You can also run lookupd -q mount -a allMounts to help discover directory data issues with the mounts.
Note
If you place *.* in /etc/syslog.conf and add another file to receive that particular log, you’ll end up getting lots of automount logging and afp / smb errors when loginwindow can’t mount the home directory.
What You’ve Learned
• Lightweight Directory Access Protocol (LDAP) is an industry-standard way to access data from within a directory. It runs on Mac OS X Server.
• You can use the command-line tool ldapsearch to search for a specific entry in a given LDAP database, or use a GUI tool, such as LDapper, to search for a specific entry in a given LDAP database.
• Requestors need identification and authentication information that can be stored on Mac OS X Server.
• The LDAP directory on Mac OS X Server is accessed from a client using the LDAPv3 plug-in.
• Directory Access can be used to configure a Mac OS X client computer to bind to an LDAP server using address and search base values provided by DHCP or a Mac OS X server providing LDAP service.
• The dscl command-line tool verifies that a Mac OS X client computer is bound to a Mac OS X server providing directory services.
• Directory Access can add a Mac OS X server providing directory services to the list of servers used for user authentication so that a user can log in to the client computer using a user account stored on the server.
• The ipconfig command verifies that a client computer is receiving LDAP configuration information from a DHCP server.
• Directory Access can add a Mac OS X LDAP server to the list of directory servers for user authentication.
References
Administration Guides
“Mac OS X Server Open Directory Administration”: http://images.apple.com/server/pdfs/Open_Directory_v10.4.pdf
“Mac OS X Server User Management”: http://images.apple.com/server/pdfs/User_Management_Admin_v10.4.pdf
“Mac OS X Server Command-Line Administration”: http://images.apple.com/server/pdfs/Command_Line_v10.4.pdf
Apple Knowledge Base Documents
The following Knowledge Base document (located at www.apple.com/support) provides further information about accessing LDAP data stores.
Document 107695, “Mac OS X Server v10.3 or later: Avoid spaces and long names in network home directory name, path”
Books
Carter, Gerald.
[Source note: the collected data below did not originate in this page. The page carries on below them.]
(* Let $B$ be an abelian group equipped with an infinite family of group homomorphisms $r_v\colon B\to B_v$ (indexed by primes $v$ of good reduction) into finite abelian groups $B_v$. Fix an integer $n\ge 4$ and let $P\in B$ be a point of infinite order. For integers $x_1,\dots,x_n$ put $f(x_1,\dots,x_n)=(2x_1^2+x_2^2+x_3^2+x_4^2+\dots+x_n^2)P\in B$. Then $f(x_1,\dots,x_n)=0$ if and only if $(x_1,\dots,x_n)=(0,\dots,0)$; but for every prime $v$ of good reduction (i.e. every index $v$ of the family) there exist integers $x_1,\dots,x_n$ with $\gcd(x_1,\dots,x_n)=1$ such that $r_v\big((2x_1^2+x_2^2+x_3^2+x_4^2+\dots+x_n^2)P\big)=0$.
   Context: $B_v$ finite abelian groups, so every element of $B$ has finite order modulo $v$, i.e. $r_v(P)$ has finite order in $B_v$. In the intended applications (e.g. Mordell–Weil groups, $S$-units, odd $K$-groups over number fields) the maps $r_v$ are reduction maps at primes of good reduction. *)

From HB Require Import structures.
From mathcomp Require Import all_boot all_order all_algebra.
Set Implicit Arguments. Unset Strict Implicit. Unset Printing Implicit Defensive.
Import Order.TTheory GRing.Theory Num.Theory.
Local Open Scope ring_scope.

(* The integer quadratic form 2 x_1^2 + x_2^2 + ... + x_n^2, with the
   variables x_1, ..., x_n indexed by 'I_n (x_1 is the entry at index 0). *)
Definition qform (n : nat) (x : 'I_n -> int) : int :=
  \sum_(i < n) (if val i == 0%N then 2 else 1) * x i ^+ 2.

Definition gcd_all (n : nat) (x : 'I_n -> int) : int :=
  \big[gcdz/0]_(i < n) x i.

From HB Require Import structures.
From mathcomp Require Import all_boot all_order all_algebra all_fingroup zify ring.
Import Order.TTheory GRing.Theory Num.Theory.
Set Implicit Arguments.
Unset Strict Implicit.
Unset Printing Implicit Defensive.

(* The form is positive definite and [P] has infinite order, so [f x = 0] only at
   [x = 0].  Modulo [v], [r_v P] has a finite order [N], so it suffices to find a
   primitive [x] with [N | qform x]; with [x = (1, a, b, c, 0, ..., 0)] we need
   [N | 2 + a^2 + b^2 + c^2].  By the Chinese remainder theorem it is enough to treat
   prime powers: for odd [p] a pigeonhole argument solves [a^2 + b^2 + 2 = 0 (mod p)]
   with [p] not dividing [a], and Hensel's lemma lifts [a]; for [p = 2] take [b = 2],
   [c = 1] and lift a square root of [-7] modulo powers of [2]. *)

Lemma dvdn_pow_lift (p j : nat) (ok : pred nat) (f : nat -> nat) a :
    (forall k a, ok a -> p ^ (k + j) %| f a ->
       exists2 a', ok a' & p ^ (k + j).+1 %| f a') ->
  ok a -> p ^ j %| f a -> forall k, exists a, p ^ k %| f a.
Proof.
move=> lift oka dvd_a k.
suff [a' _ dvd_a'] : exists2 a', ok a' & p ^ (k + j) %| f a'.
  by exists a'; apply: dvdn_trans dvd_a'; rewrite dvdn_exp2l ?leq_addr.
elim: k => [|k [a' oka' dvd_a']]; first by exists a.
by rewrite addSn; apply: lift oka' dvd_a'.
Qed.

Lemma sqr_add_lift_odd p d k a : prime p -> odd p -> ~~ (p %| a) ->
  p ^ k.+1 %| a ^ 2 + d -> exists2 a', ~~ (p %| a') & p ^ k.+2 %| a' ^ 2 + d.
Proof.
move=> p_pr p_odd p_ndvd_a /dvdnP[q def_q].
have p_ndvd_2 : ~~ (p %| 2).
  by rewrite dvdn_prime2 //; apply: contraL p_odd => /eqP->.
(* Newton step: [u] is [-(2a)^-1] modulo [p]. *)
have [u _] := Bezoutl (2 * a) (prime_gt0 p_pr).
have /eqnP-> : coprime p (2 * a).
  by rewrite prime_coprime // Euclid_dvdM // negb_or p_ndvd_2.
move=> /dvdnP[w def_w].
exists (a + q * u * p ^ k.+1); first by rewrite dvdn_addl // dvdn_mull // dvdn_exp.
apply/dvdnP; exists (q * w + (q * u) ^ 2 * p ^ k).
have -> : (a + q * u * p ^ k.+1) ^ 2 + d
        = q * (1 + u * (2 * a)) * p ^ k.+1 + (q * u) ^ 2 * p ^ k.+1 * p ^ k.+1.
  transitivity (a ^ 2 + d + q * u * (2 * a) * p ^ k.+1
                + (q * u) ^ 2 * p ^ k.+1 * p ^ k.+1); first ring.
  by rewrite def_q; ring.
by rewrite def_w !expnS; ring.
Qed.

Lemma sqr_add_lift_two d k a : odd a ->
  2 ^ k.+3 %| a ^ 2 + d -> exists2 a', odd a' & 2 ^ k.+4 %| a' ^ 2 + d.
Proof.
move=> a_odd /dvdnP[q def_q].
have [q_odd|q_even] := boolP (odd q); last first.
  by exists a => //; rewrite def_q expnS dvdn_pmul2r ?expn_gt0 // dvdn2.
(* Shifting [a] by [2^(k+2)] adds [a * 2^(k+3)] modulo [2^(k+4)], and [q + a] is even. *)
exists (a + 2 ^ k.+2); first by rewrite oddD a_odd expnS oddM.
have -> : (a + 2 ^ k.+2) ^ 2 + d = (q + a + 2 ^ k.+1) * 2 ^ k.+3.
  by transitivity (a ^ 2 + d + a * 2 ^ k.+3 + 2 ^ k.+1 * 2 ^ k.+3);
    [rewrite !expnS; ring | rewrite def_q; ring].
by rewrite expnS dvdn_pmul2r ?expn_gt0 // dvdn2 !oddD q_odd a_odd expnS oddM.
Qed.

Lemma sqr_mod_inj p x y : prime p -> odd p -> x <= p./2 -> y <= p./2 ->
  x ^ 2 = y ^ 2 %[mod p] -> x = y.
Proof.
move=> p_pr p_odd.
have half_lt : p./2 + p./2 < p by have := odd_double_half p; rewrite p_odd -addnn; lia.
wlog le_yx : x y / y <= x.
  move=> sym le_xh le_yh eq_sq; have [le_yx|/ltnW le_xy] := leqP y x; first exact: sym.
  by symmetry; apply: sym.
move=> le_xh le_yh /eqP; rewrite eqn_mod_dvd ?leq_exp2r // subn_sqr Euclid_dvdM //.
case/orP=> /dvdn_leq le_p.
  by case: (posnP (x - y)) => [|/le_p]; lia.
by case: (posnP (x + y)) => [|/le_p]; lia.
Qed.

(* Pigeonhole: [a^2] and [-1 - d - b^2] each take [(p+1)/2] distinct values modulo [p]. *)
Lemma exists_sqr_add_sqr_dvd p d : prime p -> odd p ->
  exists a b, p %| a ^ 2 + b ^ 2 + d.+1.
Proof.
move=> p_pr p_odd; have p_gt0 := prime_gt0 p_pr.
have p_eq : (p./2 + p./2).+1 = p by have := odd_double_half p; rewrite p_odd -addnn; lia.
have half_le (x : 'I_(p./2).+1) : x <= p./2 by rewrite -ltnS.
pose f (a : 'I_(p./2).+1) : 'I_p := Ordinal (ltn_pmod (a ^ 2) p_gt0).
have gP (b : 'I_(p./2).+1) : p.-1 - (b ^ 2 + d) %% p < p by lia.
pose g (b : 'I_(p./2).+1) : 'I_p := Ordinal (gP b).
have f_inj : injective f.
  move=> a a' /(congr1 val) eq_f; apply: val_inj.
  by apply: (sqr_mod_inj p_pr p_odd); rewrite ?half_le.
have g_inj : injective g.
  move=> b b' /(congr1 val) /= eq_g; apply: val_inj.
  apply: (sqr_mod_inj p_pr p_odd); rewrite ?half_le //.
  apply/eqP; rewrite -(eqn_modDr d); apply/eqP.
  by have := ltn_pmod (b ^ 2 + d) p_gt0; have := ltn_pmod (b' ^ 2 + d) p_gt0; lia.
have : 0 < #|f @: setT :&: g @: setT|.
  have := cardsUI (f @: setT) (g @: setT); rewrite !card_imset // cardsT card_ord.
  by have := max_card (f @: setT :|: g @: setT); rewrite card_ord; lia.
case/card_gt0P=> _ /setIP[/imsetP[a _ ->] /imsetP[b _ /(congr1 val) /= eq_fg]].
exists a, b; rewrite /dvdn addnS -addn1 -(addnA (a ^ 2)) -modnDml.
rewrite -[(a ^ 2 + _) %% p]modnDm eq_fg modnDml.
have := ltn_pmod (b ^ 2 + d) p_gt0.
by rewrite (_ : _ + _ + 1 = p) ?modnn //; lia.
Qed.

Lemma coprime_mul_ind (P : nat -> Prop) :
    (forall m1 m2, coprime m1 m2 -> P m1 -> P m2 -> P (m1 * m2)) ->
    (forall p e, prime p -> P (p ^ e)) ->
  forall m, 0 < m -> P m.
Proof.
move=> P_mul P_pow m; elim: m {-2}m (leqnn m) => [|N IH] m le_mN m_gt0; first lia.
have [m_le1|m_gt1] := leqP m 1.
  by rewrite (_ : m = 2 ^ 0); [apply: P_pow | rewrite expn0; lia].
have p_pr := pdiv_prime m_gt1; set p := pdiv m in p_pr.
rewrite -(partnC p m_gt0); apply: P_mul; first exact: coprime_partC.
  by rewrite p_part; apply: P_pow.
apply: IH; last exact: part_gt0.
have : 1 < m`_p by rewrite p_part_gt1 mem_primes p_pr m_gt0 pdiv_dvd.
by have := partnC p m_gt0; have := part_gt0 p^' m; nia.
Qed.

(* [qform] at the primitive vector [(1, a, b, c, 0, ..., 0)]. *)
Definition qform4_root_mod (m : nat) : Prop :=
  exists a b c, m %| 2 + a ^ 2 + b ^ 2 + c ^ 2.

Lemma qform4_modn m a b c :
  2 + a ^ 2 + b ^ 2 + c ^ 2 = 2 + (a %% m) ^ 2 + (b %% m) ^ 2 + (c %% m) ^ 2 %[mod m].
Proof.
rewrite -modnDm -[RHS]modnDm modnXm; congr ((_ + _) %% m).
rewrite -modnDm -[RHS]modnDm modnXm; congr ((_ + _) %% m).
by rewrite -modnDmr -[RHS]modnDmr modnXm.
Qed.

Lemma qform4_root_mod_mul m1 m2 : coprime m1 m2 ->
  qform4_root_mod m1 -> qform4_root_mod m2 -> qform4_root_mod (m1 * m2).
Proof.
move=> co_m12 [a1 [b1 [c1 dvd1]]] [a2 [b2 [c2 dvd2]]].
exists (chinese m1 m2 a1 a2), (chinese m1 m2 b1 b2), (chinese m1 m2 c1 c2).
rewrite Gauss_dvd // /dvdn (qform4_modn m1) (qform4_modn m2).
by rewrite !chinese_modl // !chinese_modr // -!qform4_modn -!/(dvdn _ _) dvd1 dvd2.
Qed.

Lemma qform4_root_mod_prime_pow p e : prime p -> qform4_root_mod (p ^ e).
Proof.
move=> p_pr; have [->|p_odd] := even_prime p_pr.
  have lift k a : odd a -> 2 ^ (k + 3) %| a ^ 2 + 7 ->
      exists2 a', odd a' & 2 ^ (k + 3).+1 %| a' ^ 2 + 7.
    by rewrite addn3; apply: sqr_add_lift_two.
  have [a dvd_a] := dvdn_pow_lift lift (isT : odd 1) (dvdnn _) e.
  by exists a, 2, 1; rewrite (_ : 2 + a ^ 2 + 2 ^ 2 + 1 ^ 2 = a ^ 2 + 7) //; ring.
have [a [b dvd_ab]] := exists_sqr_add_sqr_dvd 1 p_pr p_odd.
wlog p_ndvd_a : a b dvd_ab / ~~ (p %| a).
  move=> sym; have [p_dvd_a|] := boolP (p %| a); last exact: sym dvd_ab.
  apply: (sym b a); first by rewrite (addnC (b ^ 2)).
  apply: contraL p_odd => p_dvd_b; move: dvd_ab.
  by rewrite dvdn_addr ?dvdn_add ?dvdn_exp // dvdn_prime2 // => /eqP->.
have lift k a' : ~~ (p %| a') -> p ^ (k + 1) %| a' ^ 2 + (b ^ 2 + 2) ->
    exists2 a'', ~~ (p %| a'') & p ^ (k + 1).+1 %| a'' ^ 2 + (b ^ 2 + 2).
  by rewrite addn1; apply: sqr_add_lift_odd.
have dvd_ab' : p ^ 1 %| a ^ 2 + (b ^ 2 + 2) by rewrite expn1 addnA.
have [a' dvd_a'] := dvdn_pow_lift lift p_ndvd_a dvd_ab' e.
exists a', b, 0.
by rewrite addn0 (_ : 2 + a' ^ 2 + b ^ 2 = a' ^ 2 + (b ^ 2 + 2)) //; ring.
Qed.

Lemma qform4_root_mod_pos m : 0 < m -> qform4_root_mod m.
Proof.
apply: coprime_mul_ind; first exact: qform4_root_mod_mul.
exact: qform4_root_mod_prime_pow.
Qed.

Local Open Scope ring_scope.

Lemma qform_eq0 n (x : 'I_n -> int) : qform x = 0 <-> forall i, x i = 0.
Proof.
have qform_term_ge0 i : 0 <= (if val i == 0%N then 2 else 1) * x i ^+ 2.
  by rewrite mulr_ge0 ?sqr_ge0 //; case: ifP.
split=> [/eqP | x0]; last by rewrite /qform big1 // => i _; rewrite x0 expr0n mulr0.
rewrite /qform psumr_eq0 // => /allP x0 i; move: (x0 i (mem_index_enum i)).
by rewrite mulf_eq0 sqrf_eq0; case: ifP => _ /orP[] // /eqP.
Qed.

Lemma qform_nth4 m (a b c : int) :
  qform (fun i : 'I_m.+4 => [:: 1; a; b; c]`_i) = 2 + a ^+ 2 + b ^+ 2 + c ^+ 2.
Proof.
rewrite /qform !big_ord_recl big1 => [|i _]; last by rewrite /= nth_nil expr0n mulr0.
by rewrite /= !mul1r expr1n mulr1 addr0 !addrA.
Qed.

Theorem proposition4p1
  (B : zmodType) (V : Type) (Bv : V -> finZmodType)
  (r : forall v : V, {additive B -> Bv v})
  (V_infinite : exists g : nat -> V, injective g)
  (n : nat) (hn : (4 <= n)%N)
  (P : B) (P_inf : forall k : int, k != 0 -> P *~ k != 0) :
  (forall x : 'I_n -> int, P *~ qform x = 0 <-> (forall i, x i = 0)) /\
  (forall v : V, exists x : 'I_n -> int,
      gcd_all x = 1 /\ r v (P *~ qform x) = 0).
Proof.
split=> [x | v].
  rewrite -qform_eq0; split=> [|->]; last by rewrite mulr0z.
  by apply: contra_eq; apply: P_inf.
have [m ->] : exists m, n = m.+4 by exists (n - 4)%N; lia.
have rP_order : r v P *+ #[r v P]%g = 0 by rewrite -FinRing.zmodXgE expg_order.
have [a [b [c /dvdnP[s def_s]]]] := qform4_root_mod_pos (order_gt0 (r v P)).
exists (fun i => [:: 1; a%:Z; b%:Z; c%:Z]`_i); split.
  by rewrite /gcd_all big_ord_recl gcd1z.
rewrite qform_nth4 raddfMz.
have -> : 2 + a%:Z ^+ 2 + b%:Z ^+ 2 + c%:Z ^+ 2 = (#[r v P]%g * s)%N%:Z.
  by rewrite mulnC -def_s; lia.
by rewrite -pmulrn mulrnA rP_order mul0rn.
Qed.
LDAP System Administration (O’Reilly, 2003).
URLs
The application LDapper author’s website: Carl Bell: http://carl-bell-2.baylor.edu/~Carl_Bell/stuff.html
The main OpenLDAP website: www.openldap.org
Lesson Review
1. What is the basic unit of an LDAP directory, and how are these units arranged?
2. What process allows Mac OS X to use the LDAP directory on Mac OS X Server?
4. What does the LDAP plug-in do? What tool in Mac OS X can you use to configure the LDAP plug-in?
6. What attribute in an LDAP user record maps to the Open Directory RecordName attribute?
8. What are some of the advantages of a network user account?
9. Which attribute stores the managed preferences for network user accounts?
Answers
1. The basic unit of the LDAP directory is an entry, and entries are arranged in a hierarchy called a tree.
2. DirectoryService through the LDAPv3 plug-in
4. The LDAP plug-in allows Mac OS X to integrate with LDAP directories. Use Directory Access to configure the LDAP plug-in.
5. Use ipconfig and verify that the LDAP url parameter provided by Option 95 contains the correct value for the server.
8. Administrators can use network home directories to provide users with a consistent, controlled interface while providing access to their documents from any computer. You can control permissions on mobile computers and reserve certain resources for specific groups or individuals.